Titel: Ueber die Herstellung von Leuchtgas.
Autor: Anonymus
Fundstelle: 1884, Band 253 (S. 202–203)
URL: http://dingler.culture.hu-berlin.de/article/pj253/ar253069

Ueber die Herstellung von Leuchtgas.

(Patentklasse 26. Fortsetzung des Berichtes Bd. 248 S. 25.)

Mit Abbildungen auf Tafel 16, 19 u. ff.

A. Klönne in Dortmund (* D. R. P. Nr. 25157 vom 20. April 1882) legt bei seiner Regenerativfeuerung für Retortenöfen, welche sich auch da ausführen läſst, wo das Grundwasser bis zur Retortenhausflur auftritt, den Generator G (Fig. 1 bis 4 Taf. 16) in den Ofen und trennt ihn durch das Gewölbe z von den Retorten und ihrem Einbaue. Die im Generator erzeugten Gase entweichen durch die Oeffnungen o und p.
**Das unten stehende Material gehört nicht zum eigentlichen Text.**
(* Let $X_1,X_2,\dots$ be independent non-negative random variables and $a_1,a_2,\dots>0$. Assume there exist $b,K>0$ such that $\mathbb P(X_i\le x)\le Kx^b$ for all $i\ge1$ and all $x>0$. Then for every $p\in[1,\infty)$ with $p/b\notin\mathbb Z$, setting $n=\lceil p/b\rceil$, there exists $C=C(b,K,p)>0$ (not depending on the $a_i$) such that $$\mathbb E\Big[\Big(\sum_{i=1}^na_iX_i\Big)^{-p}\Big]\le C\,a_1^{-b}\cdots a_{n-1}^{-b}\,a_n^{-p+b(n-1)}.$$ *)

From HB Require Import structures.
From mathcomp Require Import all_boot all_order all_algebra.
From mathcomp Require Import all_classical all_reals all_analysis.
Set Implicit Arguments. Unset Strict Implicit. Unset Printing Implicit Defensive.
Import Order.TTheory GRing.Theory Num.Theory.
Local Open Scope classical_set_scope.
Local Open Scope ring_scope.

Definition mutually_independent (d : measure_display) (T : measurableType d)
  (R : realType) (P : probability T R) (X : nat -> T -> R) : Prop :=
  forall (J : seq nat) (B : nat -> set R), uniq J ->
    (forall i, i \in J -> measurable (B i)) ->
    P (\big[setI/setT]_(i <- J) (X i @^-1` B i)) =
    (\prod_(i <- J) P (X i @^-1` B i))%E.

Definition neg_pow (R : realType) (p : R) (y : R) : \bar R :=
  if 0 < y then ((y `^ (- p))%:E) else +oo%E.

From HB Require Import structures.
From mathcomp Require Import all_boot all_order all_algebra.
From mathcomp Require Import all_classical all_reals all_analysis.
From mathcomp Require Import ring.
Import Order.TTheory GRing.Theory Num.Theory.
Local Open Scope classical_set_scope.
Local Open Scope ring_scope.
Import measurable_realfun.

(* Put c = a_n and S = a_1 X_1 + ... + a_n X_n. Covering (0, oo) by the dyadic
   shells (c 2^k, c 2^(k+1)] and (c 2^-(k+1), c 2^-k] gives
     E[S^-p] <= sum_k (c 2^k)^-p P(S <= c 2^(k+1)) + sum_k (c 2^-(k+1))^-p P(S <= c 2^-k).
   By independence and nonnegativity, P(S <= s) <= prod_i P(X_i <= s / a_i)
   <= prod_(i < n) K (s / a_i)^b * min (1, K (s / c)^b). Bounding the last factor
   by 1 on the large shells and by K (s / c)^b on the small ones turns both series
   into geometric series, of ratios 2^(b(n-1) - p) and 2^(p - bn); these are < 1
   precisely because b(n-1) < p < bn, which is where p / b is not an integer. *)

Lemma absz_ceil_bounds {R : realType} (x : R) : 0 < x -> ~ (x \is a Num.int) ->
  [/\ (0 < `|Num.ceil x|)%N, (`|Num.ceil x|%N.-1)%:R < x & x < (`|Num.ceil x|%N)%:R].
Proof.
move=> x0 x_nint; have c0 : 0 < Num.ceil x by rewrite ceil_gt0.
have nE : (`|Num.ceil x|%N)%:R = (Num.ceil x)%:~R :> R by rewrite natr_absz gtr0_norm.
have [lt_x le_x] := andP (ceil_itv x).
have n_gt0 : (0 < `|Num.ceil x|)%N by rewrite -(@ltr0n R) nE ltr0z.
split => //; last first.
  rewrite nE lt_neqAle le_x andbT; apply/negP => /eqP xE; apply: x_nint.
  by rewrite intrEceil -xE.
by rewrite -subn1 natrB // nE; move: lt_x; rewrite rmorphB.
Qed.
Bei der Oeffnung o treten dieselben mit der in der Regeneration auf Kosten der abziehenden Gase vorgewärmten Luft in Berührung und verbrennen. Die Gase ziehen nach vorn zur Oeffnung x, biegen hier nach hinten zum Rauchkanale e, wo sie die untere Seite der untersten Retorte bestreichen, dann ihren Weg durch die Regeneration r nehmen, um durch den Kamin zu entweichen. Die zum Verbrennen der Gase erforderliche Luft tritt bei n ein, bewegt sich in Schlangenwindungen durch die Regeneration und vermischt sich vorgewärmt, wie gesagt, bei o mit den Generatorgasen.
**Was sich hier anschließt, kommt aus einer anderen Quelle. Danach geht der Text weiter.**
(* Let $\ell\ge2$ and $t\ge0$ be integers, $C\subseteq\mathbb{F}_q^n$ a linear code and $A,B\subseteq\mathbb{F}_q^n$ linear codes with $A*B\subseteq C^\perp$, $\dim A>t$, $\mathrm{d}(A^\perp)>t$ and $\mathrm{d}(A)+\mathrm{d}(C)>n$. Let $\mathbf{y}=\mathbf{c}+\mathbf{e}$ with $\mathbf{c}\in C$, $\mathrm{w}(\mathbf{e})=t$, $I_{\mathbf{e}}=\mathrm{supp}(\mathbf{e})$. Let $M_1=\{\mathbf{a}\in A\mid \langle \mathbf{a}*\mathbf{y},\mathbf{b}\rangle=0\ \forall \mathbf{b}\in B\}$, and for $i=2,\dots,\ell$, $M_i=\{\mathbf{a}\in A\mid \langle \mathbf{a}*\mathbf{y}^i,\mathbf{v}\rangle=0\ \forall \mathbf{v}\in (B^{\perp}*C^{i-1})^{\perp}\}$, and $M=\bigcap_{i=1}^\ell M_i$. If $A(I_{\mathbf{e}})=M$, then $$\dim B+\sum_{i=2}^{\ell}\dim (B^\perp*C^{i-1})^\perp\ge t.$$
   Context: All codes are $\mathbb{F}_q$-linear subspaces of $\mathbb{F}_q^n$. $\mathbf{u}*\mathbf{v}=(u_1v_1,\dots,u_nv_n)$, $\mathbf{u}^i=(u_1^i,\dots,u_n^i)$; $A*B$ is the span of all $\mathbf{a}*\mathbf{b}$; $C^1=C$, $C^i=C*C^{i-1}$. $\langle\mathbf{u},\mathbf{v}\rangle=\sum_iu_iv_i$, $X^\perp$ the dual. $\mathrm{w}$ Hamming weight, $\mathrm{d}$ minimum distance, $\mathrm{supp}(\mathbf{x})=\{i:x_i\ne0\}$. $A(J)=\{\mathbf{a}\in A: a_j=0\ \forall j\in J\}\subseteq\mathbb{F}_q^n$. *)

From HB Require Import structures.
From mathcomp Require Import all_boot all_order all_algebra.
Set Implicit Arguments. Unset Strict Implicit. Unset Printing Implicit Defensive.
Import GRing.Theory.
Local Open Scope ring_scope.

Section Codes.
Variables (F : finFieldType) (n : nat).
Local Notation vec := 'rV[F]_n.

Definition smul (u v : vec) : vec := \row_j (u 0 j * v 0 j).
Definition spow (u : vec) (i : nat) : vec := \row_j (u 0 j ^+ i).
Definition inner (u v : vec) : F := \sum_(j < n) u 0 j * v 0 j.

Definition star (A B : {vspace vec}) : {vspace vec} :=
  <<[seq smul ab.1 ab.2 | ab <- enum [pred ab : vec * vec | (ab.1 \in A) && (ab.2 \in B)]]>>%VS.

(* C^0 := span of the all-ones vector (never used), C^1 = C, C^i = C * C^(i-1) *)
Fixpoint cpow (C : {vspace vec}) (i : nat) : {vspace vec} :=
  match i with
  | 0 => <<[:: (const_mx 1 : vec)%R]>>%VS
  | 1 => C
  | i'.+1 => star C (cpow C i')
  end.

Definition dual (X : {vspace vec}) : {vspace vec} :=
  <<[seq v <- enum vec | [forall x : vec, (x \in X) ==> (inner x v == 0%R)]]>>%VS.

Definition supp (u : vec) : {set 'I_n} := [set j | u 0 j != 0].
Definition weight (u : vec) : nat := #|supp u|.

(* minimum distance; convention d({0}) = n+1 *)
Definition dmin (A : {vspace vec}) : nat :=
  \big[minn/n.+1]_(a : vec | (a \in A) && (a != 0%R)) weight a.

Definition punct_zero (A : {vspace vec}) (J : {set 'I_n}) : {vspace vec} :=
  <<[seq a <- enum vec | (a \in A) && [forall j in J, a 0%R j == 0%R]]>>%VS.

Definition annih (A : {vspace vec}) (u : vec) (V : {vspace vec}) : {vspace vec} :=
  <<[seq a <- enum vec | (a \in A) && [forall v : vec, (v \in V) ==> (inner (smul a u) v == 0%R)]]>>%VS.

Definition M1 (A B : {vspace vec}) (y : vec) : {vspace vec} := annih A y B.
Definition Mi (A B C : {vspace vec}) (y : vec) (i : nat) : {vspace vec} :=
  annih A (spow y i) (dual (star (dual B) (cpow C i.-1))).
Definition Mall (A B C : {vspace vec}) (y : vec) (l : nat) : {vspace vec} :=
  (M1 A B y :&: \bigcap_(2 <= i < l.+1) Mi A B C y i)%VS.

End Codes.

From mathcomp Require Import all_boot all_order all_algebra.
From mathcomp Require Import zify.
Set Implicit Arguments. Unset Strict Implicit. Unset Printing Implicit Defensive.
Import GRing.Theory.
Local Open Scope ring_scope.

(* Each M_i is cut out of A by dim V_i linear conditions (one per basis vector
   of the space V_i it is tested against), so M has codimension at most
   dim B + sum_i dim V_i in A.  On the other hand, d(A^perp) > |I_e| means no
   nonzero word of A^perp is supported in I_e, i.e. restriction to I_e maps A
   onto F^(I_e); hence A(I_e) has codimension exactly t in A.  No other
   hypothesis of the theorem is needed. *)

Lemma big_minn_le (T : eqType) (r : seq T) (P : pred T) (G : T -> nat) m x :
  x \in r -> P x -> (\big[minn/m]_(i <- r | P i) G i <= G x)%N.
Proof.
elim: r => [//|i r IH]; rewrite inE big_cons => /orP[/eqP -> ->|xr Px].
  exact: geq_minl.
case: (P i); last exact: IH.
exact: leq_trans (geq_minr _ _) (IH xr Px).
Qed.

Section Codimension.
Variables (K : fieldType) (vT : vectType K).
Implicit Types A X Y : {vspace vT}.

Lemma codimv_cap A X Y a b :
  (\dim A <= \dim (A :&: X) + a)%N -> (\dim A <= \dim (A :&: Y) + b)%N ->
  (\dim A <= \dim (A :&: (X :&: Y)) + (a + b))%N.
Proof.
have -> : (A :&: (X :&: Y) = (A :&: X) :&: (A :&: Y))%VS.
  by apply/vspaceP => v; rewrite !memv_cap; case: (v \in A).
have := dimv_sum_cap (A :&: X) (A :&: Y).
have : (\dim (A :&: X + A :&: Y) <= \dim A)%N.
  by apply/dimvS; rewrite subv_add !capvSl.
lia.
Qed.

Lemma codimv_bigcap (I : Type) (r : seq I) (X : I -> {vspace vT}) (d : I -> nat) A :
  (forall i, \dim A <= \dim (A :&: X i) + d i)%N ->
  (\dim A <= \dim (A :&: \bigcap_(i <- r) X i) + \sum_(i <- r) d i)%N.
Proof.
move=> codimX; elim: r => [|i r IH]; first by rewrite !big_nil capvf addn0.
by rewrite !big_cons; apply: codimv_cap.
Qed.

End Codimension.

Section RowVectors.
Variable F : finFieldType.

Lemma dimv_rV k : \dim (fullv : {vspace 'rV[F]_k}) = k.
Proof. by rewrite dimvf dim_matrix mul1r. Qed.

Lemma span_enum_filter k (P : pred 'rV[F]_k) (U : {vspace 'rV[F]_k}) :
  (forall x, P x = (x \in U)) -> <<[seq v <- enum 'rV[F]_k | P v]>>%VS = U.
Proof.
move=> PU; apply/eqP; rewrite eqEsubv; apply/andP; split.
  by apply/span_subvP => x; rewrite mem_filter PU => /andP[].
by apply/subvP => x xU; apply: memv_span; rewrite mem_filter PU xU mem_enum.
Qed.

Lemma innerE k (u v : 'rV[F]_k) : inner u v = (u *m v^T) 0 0.
Proof. by rewrite /inner !mxE; apply: eq_bigr => j _; rewrite mxE. Qed.

Lemma innerC k (u v : 'rV[F]_k) : inner u v = inner v u.
Proof. by rewrite /inner; apply: eq_bigr => j _; rewrite mulrC. Qed.

Lemma inner_mulmx_tr k m (x : 'rV[F]_m) (M : 'M[F]_(k, m)) (a : 'rV[F]_k) :
  inner (x *m M^T) a = inner x (a *m M).
Proof. by rewrite !innerE trmx_mul mulmxA. Qed.

Lemma smulv1 k (a : 'rV[F]_k) : smul a (const_mx 1) = a.
Proof. by apply/rowP => j; rewrite !mxE mulr1. Qed.

Lemma orthv_vbasis k (w : 'rV[F]_k) (V : {vspace 'rV[F]_k}) :
  (forall m : 'I_(\dim V), inner w (vbasis V)`_m = 0) ->
  forall v, v \in V -> inner w v = 0.
Proof.
move=> w_basis v /coord_vbasis ->; rewrite innerE linear_sum mulmx_sumr summxE.
by apply: big1 => m _; rewrite linearZ /= -scalemxAr mxE -innerE w_basis mulr0.
Qed.

Lemma dmin_le_weight n (A : {vspace 'rV[F]_n}) a :
  a \in A -> a != 0 -> (dmin A <= weight a)%N.
Proof. by move=> aA a0; apply: big_minn_le; rewrite ?mem_index_enum ?aA. Qed.

End RowVectors.

Section Annihilator.
Variables (F : finFieldType) (k : nat).
Implicit Types (A V : {vspace 'rV[F]_k}) (u : 'rV[F]_k).

Definition annih_mx u V : 'M[F]_(k, \dim V) :=
  \matrix_(j, m) (u 0 j * (vbasis V)`_m 0 j).

Lemma annih_mxE a u V m : (a *m annih_mx u V) 0 m = inner (smul a u) (vbasis V)`_m.
Proof. by rewrite !mxE; apply: eq_bigr => j _; rewrite !mxE mulrA. Qed.

Lemma annih_kerE A u V :
  annih A u V = (A :&: lker (linfun (mulmxr (annih_mx u V))))%VS.
Proof.
apply: span_enum_filter => a; rewrite memv_cap memv_ker lfunE /=.
congr (_ && _); apply/forallP/eqP => [orth | ker_a].
  apply/rowP => m; rewrite annih_mxE mxE.
  by apply/eqP; move: (orth (vbasis V)`_m); rewrite vbasis_mem ?mem_nth ?size_tuple.
move=> v; apply/implyP => vV; apply/eqP; apply: orthv_vbasis vV => m.
by rewrite -annih_mxE ker_a mxE.
Qed.

Lemma annih_subv A u V : (annih A u V <= A)%VS.
Proof. by rewrite annih_kerE capvSl. Qed.

Lemma annih_orth A u V a v :
  a \in annih A u V -> v \in V -> inner (smul a u) v = 0.
Proof.
rewrite annih_kerE memv_cap memv_ker lfunE /= => /andP[_ /eqP ker_a].
by apply: orthv_vbasis => m; rewrite -annih_mxE ker_a mxE.
Qed.

Lemma codimv_annih A u V : (\dim A <= \dim (A :&: annih A u V) + \dim V)%N.
Proof.
rewrite (capv_idPr (annih_subv A u V)) annih_kerE.
rewrite -{1}(limg_ker_dim (linfun (mulmxr (annih_mx u V))) A) leq_add2l.
by apply: leq_trans (dimvS (subvf _)) _; rewrite dimv_rV.
Qed.

End Annihilator.

Lemma exists_orthv (F : finFieldType) k (U : {vspace 'rV[F]_k}) :
  (\dim U < k)%N -> exists2 x, x != 0 & forall u, u \in U -> inner x u = 0.
Proof.
move=> ltUk; set N := annih fullv (const_mx 1) U.
have N0 : N != 0%VS.
  apply: contraTneq (codimv_annih fullv (const_mx 1) U) => N0.
  by rewrite -/N N0 capv0 dimv0 dimv_rV -ltnNge.
exists (vpick N); first by rewrite vpick0.
by move=> u uU; rewrite -[vpick N]smulv1 (annih_orth (memv_pick N) uU).
Qed.

Lemma codimv_Mall (F : finFieldType) n (A B C : {vspace 'rV[F]_n}) y l :
  (\dim A <= \dim (Mall A B C y l)
             + (\dim B + \sum_(2 <= i < l.+1) \dim (dual (star (dual B) (cpow C i.-1)))))%N.
Proof.
have MallA : (Mall A B C y l <= A)%VS.
  exact: subv_trans (capvSl _ _) (annih_subv _ _ _).
rewrite -(capv_idPr MallA); apply: codimv_cap; first exact: codimv_annih.
by apply: codimv_bigcap => i; apply: codimv_annih.
Qed.

Section Restriction.
Variables (F : finFieldType) (n : nat) (J : {set 'I_n}).

(* [a *m restr_mx] restricts [a] to [J]; [x *m restr_mx^T] extends [x] by zero. *)
Definition restr_mx : 'M[F]_(n, #|J|) := colsub (@enum_val _ (mem J)) 1%:M.

Lemma restr_mxK : restr_mx^T *m restr_mx = 1%:M.
Proof.
rewrite trmx_mxsub trmx1 mul_rowsub_mx mulmx_colsub mulmx1.
by apply/matrixP => i j; rewrite !mxE (inj_eq enum_val_inj).
Qed.

Lemma supp_extend (x : 'rV[F]_#|J|) : supp (x *m restr_mx^T) \subset J.
Proof.
apply/subsetP => j; rewrite inE !mxE; apply: contraR => jNJ.
apply/eqP/big1 => i _; rewrite !mxE.
by case: eqP => [ji|]; [move: jNJ; rewrite ji enum_valP | rewrite mulr0].
Qed.

Lemma punct_zero_kerE (A : {vspace 'rV[F]_n}) :
  punct_zero A J = (A :&: lker (linfun (mulmxr restr_mx)))%VS.
Proof.
apply: span_enum_filter => a; rewrite memv_cap memv_ker lfunE /=.
rewrite /restr_mx mulmx_colsub mulmx1; congr (_ && _).
apply/forall_inP/eqP => [a0 | /rowP a0 j jJ].
  by apply/rowP => i; rewrite !mxE; apply/eqP/a0/enum_valP.
by have := a0 (enum_rank_in jJ j); rewrite !mxE enum_rankK_in // => ->.
Qed.

Lemma dim_punct_zero (A : {vspace 'rV[F]_n}) :
  (#|J| < dmin (dual A))%N -> (\dim (punct_zero A J) + #|J|)%N = \dim A.
Proof.
move=> ltJd; rewrite punct_zero_kerE -(limg_ker_dim (linfun (mulmxr restr_mx)) A).
congr (_ + _)%N; apply/anti_leq/andP; split; last first.
  by apply: leq_trans (dimvS (subvf _)) _; rewrite dimv_rV.
rewrite leqNgt; apply/negP => /exists_orthv[x x0 x_orth].
set w := x *m restr_mx^T.
have w0 : w != 0.
  by apply: contraNneq x0 => w0; rewrite -[x]mulmx1 -restr_mxK mulmxA -/w w0 mul0mx.
have wA : w \in dual A.
  apply: memv_span; rewrite mem_filter mem_enum andbT.
  apply/forall_inP => a aA; rewrite innerC inner_mulmx_tr x_orth //.
  by rewrite -[a *m _](lfunE (mulmxr restr_mx)) memv_img.
have := leq_trans (dmin_le_weight wA w0) (subset_leq_card (supp_extend x)).
by rewrite leqNgt ltJd.
Qed.

End Restriction.

Theorem theorem3p10 (F : finFieldType) (n l t : nat)
  (A B C : {vspace 'rV[F]_n}) (c e y : 'rV[F]_n) :
  (2 <= l)%N ->
  (star A B <= dual C)%VS ->
  (t < \dim A)%N ->
  (t < dmin (dual A))%N ->
  (n < dmin A + dmin C)%N ->
  c \in C -> weight e = t -> y = c + e ->
  punct_zero A (supp e) = Mall A B C y l ->
  (t <= \dim B + \sum_(2 <= i < l.+1) \dim (dual (star (dual B) (cpow C i.-1))))%N.
Proof.
move=> _ _ _ lt_e_dA _ _ we _ AeM; subst t.
have := codimv_Mall A B C y l.
by rewrite -AeM -(dim_punct_zero lt_e_dA) leq_add2l.
Qed.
Die Regulirung der Kohlenoxydgasbildung wird durch die verschlieſsbare Schlackenthür bei s und durch die Kaminklappe k bewerkstelligt.
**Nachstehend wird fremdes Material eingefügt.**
(* Fix $\delta>0$. For $\pi\in\{\texttt{G-HCLA},\texttt{GP-HCLA}\}$, the set $\mathcal B=\{t\ge1:|U(G(t);\hat\mu(t))-U(G(t);\mu)|\ge\delta\}$ satisfies $\mathbb E[|\mathcal B|]\le 4MK+\frac{2M^3K}{\delta^2}$.
   Context: Model: $M$ agents, $K>M$ arms; pair $(m,k)$ has a Bernoulli distribution of mean $\mu_{m,k}\in[0,1]$. Each round each agent pulls an arm (assignment $G(t)$ of arms $k^G_m$ to agents, a ''matching''; $\mathcal G$ the set of assignments); an agent receives an independent Bernoulli sample of its arm if no other agent pulls that arm, else $0$. Each agent may also query one arm per round as a hint, observing an independent sample. $U(G;w)=\sum_m w_{m,k^G_m}\mathbb 1\{\forall m'\ne m:k^G_{m'}\ne k^G_m\}$; $G^*=\arg\max U(G;\mu)$ unique. $\mathrm{kl}$ is the Bernoulli KL divergence, $f(t)=\log t+4\log\log t$. Covering matchings $R_i$ ($i\le K$) match agent $m$ to arm $((m+i-2)\bmod K)+1$, $\mathcal R=\{R_i\}$. $\texttt{Hungarian}(w)$ returns an assignment of agents to distinct arms maximizing $\sum_m w_{m,k^G_m}$. Both algorithms are centralized and maintain per edge $N_{m,k}(t)$ (number of observations of $(m,k)$ from pulls and hints before $t$), their empirical mean $\hat\mu_{m,k}(t)$, and $d_{m,k}(t)=\sup\{q\ge0:N_{m,k}(t)\mathrm{kl}(\hat\mu_{m,k}(t),q)\le f(t)\}$ (initialized to $0$). At round $t$: $G(t)=\texttt{Hungarian}(\hat\mu(t))$, $G'(t)=\texttt{Hungarian}(d(t))$; if $U(G'(t);d(t))>U(G(t);\hat\mu(t))$ a hint matching $G^{\mathrm{hint}}(t)$ is chosen and each agent queries its arm in it; then agents pull per $G(t)$ and update. In $\texttt{GP-HCLA}$, $G^{\mathrm{hint}}(t)$ is, w.p. $1/2$ each, either the $R\in\mathcal R$ containing an edge of $G'(t)$ with minimal $N_{m,k}(t)$, or a uniformly random element of $\mathcal R$. In $\texttt{G-HCLA}$, $G^{\mathrm{hint}}(t)$ is, w.p. $1/2$ each, either $G'(t)$ or a uniformly random element of $\mathcal R$. *)

From HB Require Import structures.
From mathcomp Require Import all_boot all_order all_algebra.
From mathcomp Require Import all_classical all_reals all_analysis.
Set Implicit Arguments. Unset Strict Implicit. Unset Printing Implicit Defensive.
Import Order.TTheory GRing.Theory Num.Theory.
Local Open Scope classical_set_scope.
Local Open Scope ring_scope.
Um die Haltbarkeit und Leistungsfähigkeit von Retortenöfen zu vergröſsern, verwendet A. Klönne (* D. R. P. Nr. 26906 vom 18. Juli 1882) wie aus Fig. 7 und 8 Taf. 16 ersichtlich ist, eine Plattenlage aus feuerfestem Materiale, welche, oberhalb der Retorten gelagert, theils Wärmeverluste durch Ausstrahlung vermeiden, theils die Gewölbe vor der schädlichen Einwirkung der Stichflammen schützen und deshalb haltbarer machen soll (vgl. Fig. 5 und 6 bezieh. 9 und 10.) Die Cannelirung der Stützpfeiler p an der Berührungsfläche mit den Retorten gestattet, daſs man, ohne die Heizfläche zu verringern, eine gröſsere Anzahl Pfeiler verwenden kann, welche auſserdem noch, da sie geringere Arbeitsfläche besitzen, den Retorten leichter angepaſst werden können. Die Wände w theilen den Ofenraum in Kammern a und b und bewirken, daſs die Heizgase bei a gerade aufwärts steigen, bei b lothrecht abwärts fallen und sämmtliche Retorten gleichmäſsig heizen. Um zu verhindern, daſs unterhalb der Retorten die Gase zur Ruhe kommen, sind die Wände w mit einer kleinen Oeffnung e versehen, durch welche ein Theil der Heizgase hindurchgeht und die Heizung auch dieses Theiles der Retorte gestattet. Bei der untersten Retorte ist das Lager aus Läufern und Bindern gebildet und sind die ersteren ebenfalls mit solchen Oeffnungen e |203| versehen. Im Raume b wird die bessere Heizung der unteren Seite der untersten Retorten durch Anordnung von Platten d (Fig. 9) bewirkt, welche mit Schlitzen z versehen sind, damit die Heizgase gezwungen werden, sich in der Richtung des Pfeiles zu bewegen und sich so der Retorte anzuschmiegen. Auch wird durch diese Plattenreihe der Ofeneinbau von der Regeneration getrennt.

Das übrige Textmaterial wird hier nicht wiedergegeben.